Using the records below, write out again exactly the lines that begin at the line containing "(tau gamma delta Al Au : R)" and end at the line containing "(Dh l u (x k)", and no other lines.

####

Lemma represented_prefix_counts X sigma x :
  represents sigma X -> is_primitive sigma -> X x -> prefix_counts_through (sigma 1) x.
Proof.
  intros Hrep Hprim Hx.
  destruct (Hprim 2 ltac:(lia)) as [N2 [HN2 Hall]].
  set (K := N2 - 2). set (tau := prodseg sigma 2 K).
  set (m := length (sigma 1 l1) + length (sigma 1 l2) + length (sigma 1 l3)).
  set (L := length (tau l1) + length (tau l2) + length (tau l3)).
  destruct (bounded_up_to (fun t a => length (prodseg sigma 1 t a)) K) as [B HB].
  exists (m * L + 1), (2 * m * L + 2 * m), (S B). split; [lia|]. intros n Hn.
  destruct (proj1 (Hrep x) Hx 1%Z n) as [N [a [_ Hfac]]].
  assert (HK : K < N - 1).
  { destruct (le_lt_dec (N - 1) K) as [Hle|]; [|assumption]. exfalso.
    specialize (HB _ a Hle). destruct Hfac as [p [s Hfac]]. cbn beta in HB.
    apply (f_equal (@length _)) in Hfac. rewrite !length_app, window_length in Hfac. lia. }
  replace (N - 1) with (S (K + (N - 2 - K))) in Hfac by lia.
  cbn [prodseg] in Hfac. unfold mcomp in Hfac. rewrite prodseg_add in Hfac.
  destruct (image_factor_counts (sigma 1) tau m L _ _
              ltac:(intros []; unfold m; lia) ltac:(intros []; unfold L; lia)
              ltac:(intros b c; apply Hall) Hfac) as [c [Hc Hcounts]].
  exists c. rewrite window_length in Hc. split.
  - intro b. specialize (Hc b). nia.
  - intro b. rewrite count_letter_window. specialize (Hcounts b). lia.
Qed.

Open Scope R_scope.

Lemma Un_cv_const c : Un_cv (fun _ => c) c.
Proof. intros eps Heps. exists 0%nat. intros n _. unfold R_dist. rewrite Rminus_diag, Rabs_R0. lra. Qed.

Lemma ratio_limit_ge_slope (s : nat -> R) l e K N :
  Un_cv (fun n => s n / INR n) l ->
  (forall n, (N <= n)%nat -> e * INR n - K <= s n) -> e <= l.
Proof.
  intros Hcv Hlow. apply Rnot_lt_le. intro Hlt.
  destruct (Hcv ((e - l) / 2)) as [N1 HN1]; [lra|].
  destruct (INR_archimed ((e - l) / 2) K) as [n0 Hn0]; [lra|].
  set (n := (n0 + N + N1 + 1)%nat).
  specialize (HN1 n ltac:(unfold n; lia)). specialize (Hlow n ltac:(unfold n; lia)).
  assert (Hn : 0 < INR n) by (apply lt_0_INR; unfold n; lia).
  assert (Hn0n : INR n0 <= INR n) by (apply le_INR; unfold n; lia).
  assert (Hs : s n = s n / INR n * INR n) by (field; lra).
  unfold R_dist in HN1. apply Rabs_def2 in HN1 as [HN1 _].
  nra.
Qed.
Definition Dh (R : realType) (n : nat) (l u : 'I_n -> \bar R) (x : 'rV[R]_n)
  (h : 'I_n) : \bar R :=
  Order.min ((x 0 h)%:E - l h)%E (u h - (x 0 h)%:E)%E.

Definition Dmax (R : realType) (n : nat) (l u : 'I_n -> \bar R) (x : 'rV[R]_n)
  : \bar R :=
  \big[Order.max/-oo%E]_(h < n) Dh l u x h.

Definition gcoef (R : realType) (n : nat) (gradf : 'rV[R]_n -> 'rV[R]_n)
  (j p : 'I_n) (z : 'rV[R]_n) : R :=
  gradf z 0 j - gradf z 0 p.

Definition dir (R : realType) (n : nat) (gradf : 'rV[R]_n -> 'rV[R]_n)
  (j p : 'I_n) (z : 'rV[R]_n) : 'rV[R]_n :=
  gcoef gradf j p z *: (unitv R p - unitv R j).

(* maximal feasible stepsize \bar\alpha (possibly +oo) *)
Definition alphabar (R : realType) (n : nat) (l u : 'I_n -> \bar R)
  (gradf : 'rV[R]_n -> 'rV[R]_n) (j p : 'I_n) (z : 'rV[R]_n) : \bar R :=
  let g := gcoef gradf j p z in
  if 0 < g then
    (Order.min (u p - (z 0 p)%:E) ((z 0 j)%:E - l j) * (g^-1)%:E)%E
  else if g < 0 then
    (Order.min ((z 0 p)%:E - l p) (u j - (z 0 j)%:E) * (`|g|^-1)%:E)%E
  else 0%E.

(* Delta = min { \bar\alpha, A } (a real number since A is real) *)
Definition Delta (R : realType) (n : nat) (l u : 'I_n -> \bar R)
  (gradf : 'rV[R]_n -> 'rV[R]_n) (j p : 'I_n) (z : 'rV[R]_n) (A : R) : R :=
  fine (Order.min (alphabar l u gradf j p z) A%:E).

Definition armijo (R : realType) (n : nat) (f : 'rV[R]_n -> R)
  (gradf : 'rV[R]_n -> 'rV[R]_n) (gamma : R) (z d : 'rV[R]_n) (a : R) : Prop :=
  f (z + a *: d) <= f z + gamma * a * dotv (gradf z) d.

(* Inner index i ranges over 0..n-1 (paper: 1..n), and z k i for i = 0..n
   corresponds to the paper's z^{k,1},...,z^{k,n+1}. *)
Definition AC2CD_run (R : realType) (n : nat) (f : 'rV[R]_n -> R)
  (gradf : 'rV[R]_n -> 'rV[R]_n) (l u : 'I_n -> \bar R)
  (tau gamma delta Al Au : R)
  (x : nat -> 'rV[R]_n) (j : nat -> 'I_n) (p : nat -> ({perm 'I_n}))
  (A : nat -> nat -> R) (z : nat -> nat -> 'rV[R]_n) (alpha : nat -> nat -> R)
  : Prop :=
  forall k : nat,
    (Dh l u (x k) (j k) >= tau%:E * Dmax l u (x k))%E /\
    z k 0%N = x k /\
    x k.+1 = z k n /\
    forall i : 'I_n,
      let zi := z k i in
      let jk := j k in
      let pi := p k i in
      let di := dir gradf jk pi zi in
      let Dl := Delta l u gradf jk pi zi (A k i) in
      Al <= A k i <= Au /\
      (exists m : nat,
          alpha k i = delta ^+ m * Dl /\
          armijo f gradf gamma zi di (delta ^+ m * Dl) /\
          forall m' : nat, (m' < m)%N ->
            ~ armijo f gradf gamma zi di (delta ^+ m' * Dl)) /\
      z k i.+1 = zi + alpha k i *: di.

From HB Require Import structures.
From mathcomp Require Import all_boot all_order all_algebra.
From mathcomp Require Import fingroup perm.
From mathcomp Require Import all_classical all_reals all_analysis.
From mathcomp Require Import ring lra.
Import Order.TTheory GRing.Theory Num.Theory.
Import numFieldNormedType.Exports.
Set Implicit Arguments. Unset Strict Implicit.
Local Open Scope classical_set_scope.
Local Open Scope ring_scope.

####

> The completed task:
  (tau gamma delta Al Au : R)
  (x : nat -> 'rV[R]_n) (j : nat -> 'I_n) (p : nat -> ({perm 'I_n}))
  (A : nat -> nat -> R) (z : nat -> nat -> 'rV[R]_n) (alpha : nat -> nat -> R)
  : Prop :=
  forall k : nat,
    (Dh l u (x k) (j k) >= tau%:E * Dmax l u (x k))%E /\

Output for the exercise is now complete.